## To do:
In the listing below, find the line that contains "Lemma bbv_Pi (v" and the line that contains "have ha : a". Quote both and every line between them, exactly, and nothing more.

Segment Start: Available data

Lemma conjK_is_zmod_morphism : zmod_morphism (@conjK F K).
Proof. by move=> x y; apply: (addIr (conjK y)); rewrite -conjKD !subrK. Qed.
Lemma conjK_is_monoid_morphism : monoid_morphism (@conjK F K).
Proof. by rewrite /conjK; split=> [|x y]; rewrite ?expr1n ?exprMn. Qed.
HB.instance Definition _ :=
  GRing.isZmodMorphism.Build K K (@conjK F K) conjK_is_zmod_morphism.
HB.instance Definition _ :=
  GRing.isMonoidMorphism.Build K K (@conjK F K) conjK_is_monoid_morphism.

(* F is fixed by conjugation, and nothing else is (Fermat's little theorem
   for the subfield F of K) *)
Lemma conjK_emb (a : F) : conjK (emb a : K) = emb a.
Proof. by rewrite /conjK -rmorphXn expf_card. Qed.

Lemma conjK_fixed (x : K) : conjK x = x -> exists a, x = emb a.
Proof.
move=> hx; have : x \in (1%AS : {subfield K}).
  by rewrite Fermat's_little_theorem dimv1 expn1 -/(conjK x) hx.
by case/vlineP=> a ->; exists a; rewrite /emb /= -in_algE.
Qed.

Lemma conjv_embm m n (X : 'M[F]_(m, n)) : conjv (embm X : 'M[K]_(m, n)) = embm X.
Proof. by apply/matrixP => i j; rewrite !mxE conjK_emb. Qed.

Lemma embmM m n p (X : 'M[F]_(m, n)) (Y : 'M[F]_(n, p)) :
  embm (X *m Y) = embm X *m embm Y :> 'M[K]_(m, p).
Proof. exact: map_mxM. Qed.

Lemma conjvM m n p (X : 'M[K]_(m, n)) (Y : 'M[K]_(n, p)) :
  conjv (X *m Y) = conjv X *m conjv Y.
Proof. exact: map_mxM. Qed.

Lemma emb_scale (a : F) (x : K) : emb a * x = a *: x.
Proof. by rewrite /emb mulr_algl. Qed.

Lemma nondeg_embm (Q : 'M[F]_3) : conic_nondeg Q -> conic_nondeg (embm Q : 'M[K]_3).
Proof. by rewrite !conic_nondegE /embm disc_map fmorph_eq0. Qed.

End Frobenius.

Section Coordinates.
Variables (F : finFieldType) (K : fieldExtType F) (e : 2.-tuple K).
Hypothesis he : basis_of fullv e.

Local Notation e0 := (tnth e ord0).
Local Notation e1 := (tnth e ord_max).
Local Notation c0 := (c0 e).
Local Notation c1 := (c1 e).

Lemma coordE (x : K) : x = c0 x *: e0 + c1 x *: e1.
Proof.
rewrite {1}(coord_basis he (memvf x)) sum2E !(tnth_nth 0).
by congr (coord _ _ _ *: _ + coord _ _ _ *: _); apply: val_inj.
Qed.

Lemma c0_comb (a b : F) : c0 (a *: e0 + b *: e1) = a.
Proof.
have fe := basis_free he; rewrite /Defs.c0 linearD !linearZ /= !(tnth_nth 0).
by rewrite !(coord_free _ _ fe) /= mulr1 mulr0 addr0.
Qed.

Lemma c1_comb (a b : F) : c1 (a *: e0 + b *: e1) = b.
Proof.
have fe := basis_free he; rewrite /Defs.c1 linearD !linearZ /= !(tnth_nth 0).
by rewrite !(coord_free _ _ fe) /= mulr1 mulr0 add0r.
Qed.

Lemma e0_neq0 : e0 != 0.
Proof.
apply/eqP=> h; have := c0_comb 1 0; rewrite scale1r scale0r addr0 h.
by rewrite /Defs.c0 linear0 => /eqP; rewrite eq_sym oner_eq0.
Qed.

Definition delta := e0 * conjK e1 - e1 * conjK e0.

(* delta = 0 would make e1 / e0 conjugation-invariant, hence in F *)
Lemma delta_neq0 : delta != 0.
Proof.
apply/eqP => /eqP; rewrite subr_eq0 => /eqP hd.
have : conjK (e1 / e0) = e1 / e0.
  rewrite fmorph_div; apply/eqP; rewrite eqr_div ?fmorph_eq0 ?e0_neq0 //.
  by rewrite mulrC hd mulrC.
case/conjK_fixed => a ha.
have := c1_comb 0 1; rewrite scale0r add0r scale1r.
have -> : e1 = a *: e0 + 0 *: e1 by rewrite scale0r addr0 -emb_scale -ha divfK ?e0_neq0.
by rewrite c1_comb => /eqP; rewrite eq_sym oner_eq0.
Qed.

(* [K : F] = 2, so conjugation is an involution *)
Lemma conjKK (x : K) : conjK (conjK x) = x.
Proof.
have := Fermat's_little_theorem (aspacef K) x.
rewrite memvf (size_basis he) /conjK -exprM.
by rewrite expnS expn1 => /esym/eqP.
Qed.

Lemma conjvK m n (X : 'M[K]_(m, n)) : conjv (conjv X) = X.
Proof. by apply/matrixP => i j; rewrite !mxE conjKK. Qed.

(* The K-linear map Pi : K^5 -> K^3, (x0,x1,y0,y1,t) |-> (x0 e0 + x1 e1,
   y0 e0 + y1 e1, t), inverts the Bruck--Bose coordinatisation bbv; its
   conjugate conjv Pi sends bbv x y t to (x^q, y^q, t). *)
Definition piE (j : 'I_5) (k : 'I_3) : K :=
  match val j, val k with
  | 0%N, 0%N => e0 | 1%N, 0%N => e1 | 2%N, 1%N => e0 | 3%N, 1%N => e1
  | 4%N, 2%N => 1 | _, _ => 0 end.
Definition Pi : 'M[K]_(5, 3) := \matrix_(j, k) piE j k.

Definition row3 (a b c : K) : 'rV[K]_3 :=
  \row_(k < 3) match val k with 0%N => a | 1%N => b | _ => c end.

Lemma row3E (a b c : K) :
  (row3 a b c 0 0 = a) * (row3 a b c 0 1 = b) * (row3 a b c 0 2 = c).
Proof. by rewrite !mxE. Qed.

Lemma mulPi (Z : 'rV[K]_5) :
  Z *m Pi = row3 (Z 0 0 * e0 + Z 0 1 * e1) (Z 0 2 * e0 + Z 0 3 * e1) (Z 0 4).
Proof.
apply/rowP => k; rewrite !mxE sum5E !mxE /piE /=.
by case: k => -[|[|[|k]]] //= _; ring.
Qed.

Lemma mulPic (Z : 'rV[K]_5) :
  Z *m conjv Pi = row3 (Z 0 0 * conjK e0 + Z 0 1 * conjK e1)
                       (Z 0 2 * conjK e0 + Z 0 3 * conjK e1) (Z 0 4).
Proof.
apply/rowP => k; rewrite !mxE sum5E !mxE /piE /=.
by case: k => -[|[|[|k]]] //= _; rewrite ?rmorph0 ?rmorph1; ring.
Qed.

Lemma Pi_col2 (Z : 'rV[K]_5) : (Z *m Pi) 0 2 = Z 0 4.
Proof. by rewrite mulPi row3E. Qed.

Lemma row3_eq0 (a b c : K) : row3 a b c = 0 -> [/\ a = 0, b = 0 & c = 0].
Proof. by move/rowP=> h; have := h 0; have := h 1; have := h 2; rewrite !row3E !mxE. Qed.

Lemma bbvPi (x y : K) (t : F) : embm (bbv e x y t) *m Pi = row3 x y (emb t).
Proof. by rewrite mulPi !mxE !emb_scale -!coordE. Qed.

Lemma bbvPic (x y : K) (t : F) :
  embm (bbv e x y t) *m conjv Pi = row3 (conjK x) (conjK y) (emb t).
Proof.
rewrite -[embm _]conjv_embm -map_mxM bbvPi.
by apply/rowP => k; rewrite !mxE; case: k => -[|[|[|k]]] //=; rewrite conjK_emb.
Qed.

Lemma bbv_Pi (v : 'rV[F]_5) :
  v = bbv e ((embm v *m Pi) 0 0) ((embm v *m Pi) 0 1) (v 0 4).
Proof.
rewrite mulPi !mxE !emb_scale.
apply/rowP => k; rewrite !mxE.
by case: k => -[|[|[|[|[|k]]]]] //= hk; rewrite ?c0_comb ?c1_comb;
  congr (v 0 _); apply: val_inj.
Qed.

Lemma bbvZ (a : F) (x y : K) (t : F) :
  a *: bbv e x y t = bbv e (a *: x) (a *: y) (a * t).
Proof.
apply/rowP => k; rewrite !mxE /Defs.c0 /Defs.c1 !linearZ.
by case: k => -[|[|[|[|[|k]]]]].
Qed.

(* Cramer's rule for the system with determinant delta *)
Lemma delta_solve (a b : K) :
  a * e0 + b * e1 = 0 -> a * conjK e0 + b * conjK e1 = 0 -> a = 0 /\ b = 0.
Proof.
move=> h hc; have dn := delta_neq0.
have ha : a * delta =
    (a * e0 + b * e1) * conjK e1 - (a * conjK e0 + b * conjK e1) * e1.
  by rewrite /delta; ring.
have hb : b * delta =
    (a * conjK e0 + b * conjK e1) * e0 - (a * e0 + b * e1) * conjK e0.
  by rewrite /delta; ring.
rewrite h hc !mul0r subrr in ha hb.
by split; apply/eqP; rewrite -(mulIr_eq0 _ (mulIf dn)) ?ha ?hb.
Qed.

Lemma Pi_inj (Z : 'rV[K]_5) : Z *m Pi = 0 -> Z *m conjv Pi = 0 -> Z = 0.
Proof.
rewrite mulPi mulPic => /row3_eq0 [a0 a1 a2] /row3_eq0 [b0 b1 _].
have [z0 z1] := delta_solve a0 b0; have [z2 z3] := delta_solve a1 b1.
by apply/rowP => k; rewrite mxE; case: k => -[|[|[|[|[|k]]]]] //= hk;
  [rewrite -z0 | rewrite -z1 | rewrite -z2 | rewrite -z3 | rewrite -a2];
  congr (Z 0 _); apply: val_inj.
Qed.

Lemma mulmx5_Pic (Z : 'rV[K]_5) (x : K) : Z 0 4 = 0 ->
  Z *m embm (mulmx5 e x) *m conjv Pi = conjK x *: (Z *m conjv Pi).
Proof.
move=> hZ; rewrite [in RHS]mulPic {1}(mulmx_sum_row Z) mulmx_suml sum5E.
rewrite -!scalemxAl -!map_row !rowK /mulrow /= !bbvPic map_mx0 mul0mx.
apply/rowP => k; rewrite !mxE hZ.
by case: k => -[|[|[|k]]] //= _; rewrite ?rmorph0 ?rmorphM; ring.
Qed.

Lemma exists_nonfixed : exists x : K, conjK x != x.
Proof.
case: (eqVneq (conjK e0) e0) => [h0|]; last by exists e0.
case: (eqVneq (conjK e1) e1) => [h1|]; last by exists e1.
by have := delta_neq0; rewrite /delta h0 h1 mulrC subrr eqxx.
Qed.

Lemma g_Pic (P : 'rV[K]_5) : in_g e P -> P *m conjv Pi = 0.
Proof.
case=> hP4 hPx; have [x hx] := exists_nonfixed.
have : (conjK x - x) *: (P *m conjv Pi) = 0.
  by rewrite scalerBl -mulmx5_Pic // hPx -scalemxAl subrr.
by move/eqP; rewrite scalemx_eq0 subr_eq0 (negbTE hx) => /eqP.
Qed.

Lemma conj_Pi (Z : 'rV[K]_5) : Z *m conjv Pi = 0 -> conjv Z *m Pi = 0.
Proof. by move=> h; rewrite -[Pi]conjvK -map_mxM h map_mx0. Qed.

Lemma row_spreadline (i : 'I_2) (X : 'rV[K]_3) :
  row i (embm (spreadline e X) : 'M[K]_(2, 5)) =
  embm (bbv e (tnth e i * X 0 0) (tnth e i * X 0 1) 0).
Proof. by rewrite -map_row rowK. Qed.

Lemma spread_row_Pi (a : K) (X : 'rV[K]_3) : X 0 2 = 0 ->
  embm (bbv e (a * X 0 0) (a * X 0 1) 0) *m Pi = a *: X.
Proof.
move=> hX; rewrite bbvPi; apply/rowP => k; rewrite !mxE.
by case: (ord3P k) => ->; rewrite ?mxE /= ?hX ?rmorph0 ?mulr0.
Qed.

Lemma spread_row_Pic (a : K) (X : 'rV[K]_3) : X 0 2 = 0 ->
  embm (bbv e (a * X 0 0) (a * X 0 1) 0) *m conjv Pi = conjK a *: conjv X.
Proof.
move=> hX; rewrite bbvPic; apply/rowP => k; rewrite !mxE.
by case: (ord3P k) => ->; rewrite ?mxE /= ?hX ?rmorph0 ?mulr0 ?rmorphM.
Qed.

Lemma spreadline_Pi (r : 'rV[K]_2) (X : 'rV[K]_3) : X 0 2 = 0 ->
  r *m embm (spreadline e X) *m Pi = (r 0 0 * e0 + r 0 1 * e1) *: X.
Proof.
move=> hX; rewrite {1}(mulmx_sum_row r) mulmx_suml sum2E -!scalemxAl.
rewrite !row_spreadline !spread_row_Pi // !scalerA scalerDl !(tnth_nth 0).
by congr ((r 0 0 * _) *: X + (r 0 1 * _) *: X); apply: val_inj.
Qed.

Lemma spreadline_Pic (r : 'rV[K]_2) (X : 'rV[K]_3) : X 0 2 = 0 ->
  r *m embm (spreadline e X) *m conjv Pi =
  (r 0 0 * conjK e0 + r 0 1 * conjK e1) *: conjv X.
Proof.
move=> hX; rewrite {1}(mulmx_sum_row r) mulmx_suml sum2E -!scalemxAl.
rewrite !row_spreadline !spread_row_Pic // !scalerA scalerDl !(tnth_nth 0).
by congr ((r 0 0 * conjK _) *: conjv X + (r 0 1 * conjK _) *: conjv X); apply: val_inj.
Qed.

Lemma sub_spreadline (Z : 'rV[K]_5) (X : 'rV[K]_3) (l : K) :
  Z *m conjv Pi = 0 -> X 0 2 = 0 -> Z *m Pi = l *: X ->
  (Z <= embm (spreadline e X))%MS.
Proof.
move=> hZc hX hZ.
pose r : 'rV[K]_2 := \row_(i < 2) (if i == 0 then conjK e1 else - conjK e0).
have [r0 r1] : r 0 0 = conjK e1 /\ r 0 1 = - conjK e0 by rewrite !mxE.
set S := embm (spreadline e X).
have hPi : r *m S *m Pi = delta *: X.
  by rewrite spreadline_Pi // r0 r1 /delta; congr (_ *: _); ring.
have hPic : r *m S *m conjv Pi = 0.
  by rewrite spreadline_Pic // r0 r1 mulNr mulrC addrN scale0r.
have : Z - (l / delta) *: (r *m S) = 0.
  apply: Pi_inj; rewrite mulmxBl -scalemxAl ?hPi ?hPic.
    by rewrite hZ scalerA divfK ?delta_neq0 // subrr.
  by rewrite hZc scaler0 subrr.
by move/eqP; rewrite subr_eq0 => /eqP ->; rewrite scalemxAl submxMl.
Qed.

Lemma bar_ofE (P : 'rV[K]_5) (X : 'rV[K]_3) :
  in_g e P -> P != 0 -> X != 0 -> X 0 2 = 0 ->
  bar_of e X P <-> (X <= P *m Pi)%MS.
Proof.
move=> gP nP nX hX; have hPc := g_Pic gP.
have nPi : P *m Pi != 0 by apply: contraNneq nP => hP; apply/eqP/Pi_inj.
split => [/submxP [r hr] | /sub_rV_scale [k hk]].
  apply: rV_sub_sym => //; rewrite hr spreadline_Pi //.
  by rewrite scalemx_sub ?submx_refl.
have nk : k != 0 by apply: contraNneq nX => k0; rewrite hk k0 scale0r.
by apply: (sub_spreadline (l := k^-1)) => //; rewrite hk scalerA mulVf ?scale1r.
Qed.

Lemma spreadline_sub_conj (P : 'rV[K]_5) : P *m conjv Pi = 0 -> P 0 4 = 0 ->
  (embm (spreadline e (P *m Pi)) <= P + conjv P)%MS.
Proof.
move=> hPc hP4; set X := P *m Pi.
have hX : X 0 2 = 0 by rewrite Pi_col2.
have hPcPic : conjv P *m conjv Pi = conjv X by rewrite -map_mxM.
apply/row_subP => i; rewrite row_spreadline.
have -> : embm (bbv e (tnth e i * X 0 0) (tnth e i * X 0 1) 0) =
          tnth e i *: P + conjK (tnth e i) *: conjv P.
  apply/eqP; rewrite -subr_eq0; apply/eqP.
  apply: Pi_inj; rewrite mulmxBl mulmxDl -!scalemxAl.
    by rewrite spread_row_Pi // conj_Pi // scaler0 addr0 subrr.
  by rewrite spread_row_Pic // hPc hPcPic scaler0 add0r subrr.
by rewrite addmx_sub_adds ?scalemx_sub ?submx_refl.
Qed.

Lemma g_Pi_indep (P Q : 'rV[K]_5) : in_g e P -> in_g e Q ->
  \rank (col_mx P Q) = 2%N -> ~~ (Q *m Pi <= P *m Pi)%MS.
Proof.
move=> gP gQ rPQ; apply/negP => /sub_rV_scale [k hk].
have : Q - k *: P = 0.
  apply: Pi_inj; rewrite mulmxBl -scalemxAl ?hk ?g_Pic // ?scaler0 subrr //.
have /mxrankS : (col_mx P (k *: P) <= P)%MS by rewrite col_mx_sub submx_refl scalemx_sub.
move=> rk /eqP; rewrite subr_eq0 => /eqP hQ.
by move: rk; rewrite -hQ rPQ rank_rV; case: (P != 0).
Qed.

End Coordinates.

Section BaerSubplane.
Variables (F : finFieldType) (K : fieldExtType F) (e : 2.-tuple K).
Hypothesis he : basis_of fullv e.
Variable A : 'M[F]_(3, 5).
Hypothesis hA : \rank A = 3%N.
Hypothesis hAinf : exists u : 'rV[F]_3, (u *m A) 0 4 != 0.
Hypothesis hAspread : forall X : 'rV[K]_3, X != 0 -> X 0 2 = 0 ->
  ~~ (spreadline e X <= A)%MS.

Local Notation Pi := (Pi e).

(* the Baer subplane B is the image of PG(2,q) under w |-> w *m baerM:
   push the plane alpha = <A> through Pi *)
Definition baerM : 'M[K]_3 := embm A *m Pi.

Lemma embm_baerM (w : 'rV[F]_3) : embm w *m baerM = embm (w *m A) *m Pi.
Proof. by rewrite mulmxA -embmM. Qed.

Lemma baerM_col2 (w : 'rV[F]_3) : (embm w *m baerM) 0 2 = emb ((w *m A) 0 4).
Proof. by rewrite embm_baerM Pi_col2 mxE. Qed.

(* if a K-point R of alpha^* were killed by Pi, the line R R^q would be the
   extended spread line over the point R^q *m Pi, so alpha would contain a
   spread line *)
Lemma baerM_unit : baerM \in unitmx.
Proof.
rewrite unitmxE unitfE; apply/negP => /det0P [z nz hz].
set R := z *m embm A; set P := conjv R.
have hR : R *m Pi = 0 by rewrite /R -mulmxA.
have hPc : P *m conjv Pi = 0 by rewrite /P -map_mxM hR map_mx0.
have hP4 : P 0 4 = 0 by rewrite mxE -(Pi_col2 e) hR mxE rmorph0.
have PR_A : (P + conjv P <= embm A)%MS.
  by rewrite (conjvK he) addsmx_sub /P /R conjvM conjv_embm !submxMl.
case: (eqVneq (P *m Pi) 0) => [X0 | nX].
  have R0 : R = 0 by rewrite -[R](conjvK he) -/P (Pi_inj he X0 hPc); apply: map_mx0.
  move: nz; rewrite -(mulmx_free_eq0 _ (_ : row_free (embm A : 'M[K]_(3, 5)))).
    by rewrite -/R R0 eqxx.
  by rewrite /row_free mxrank_map hA.
move: (hAspread nX (etrans (Pi_col2 e P) hP4)); rewrite -(map_submx (@emb F K)).
by rewrite (submx_trans (spreadline_sub_conj he hPc hP4) PR_A).
Qed.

Segment End: Available data

## Task output:
Lemma bbv_Pi (v : 'rV[F]_5) :
  v = bbv e ((embm v *m Pi) 0 0) ((embm v *m Pi) 0 1) (v 0 4).
Proof.
rewrite mulPi !mxE !emb_scale.
apply/rowP => k; rewrite !mxE.
by case: k => -[|[|[|[|[|k]]]]] //= hk; rewrite ?c0_comb ?c1_comb;
  congr (v 0 _); apply: val_inj.
Qed.

Lemma bbvZ (a : F) (x y : K) (t : F) :
  a *: bbv e x y t = bbv e (a *: x) (a *: y) (a * t).
Proof.
apply/rowP => k; rewrite !mxE /Defs.c0 /Defs.c1 !linearZ.
by case: k => -[|[|[|[|[|k]]]]].
Qed.

(* Cramer's rule for the system with determinant delta *)
Lemma delta_solve (a b : K) :
  a * e0 + b * e1 = 0 -> a * conjK e0 + b * conjK e1 = 0 -> a = 0 /\ b = 0.
Proof.
move=> h hc; have dn := delta_neq0.
have ha : a * delta =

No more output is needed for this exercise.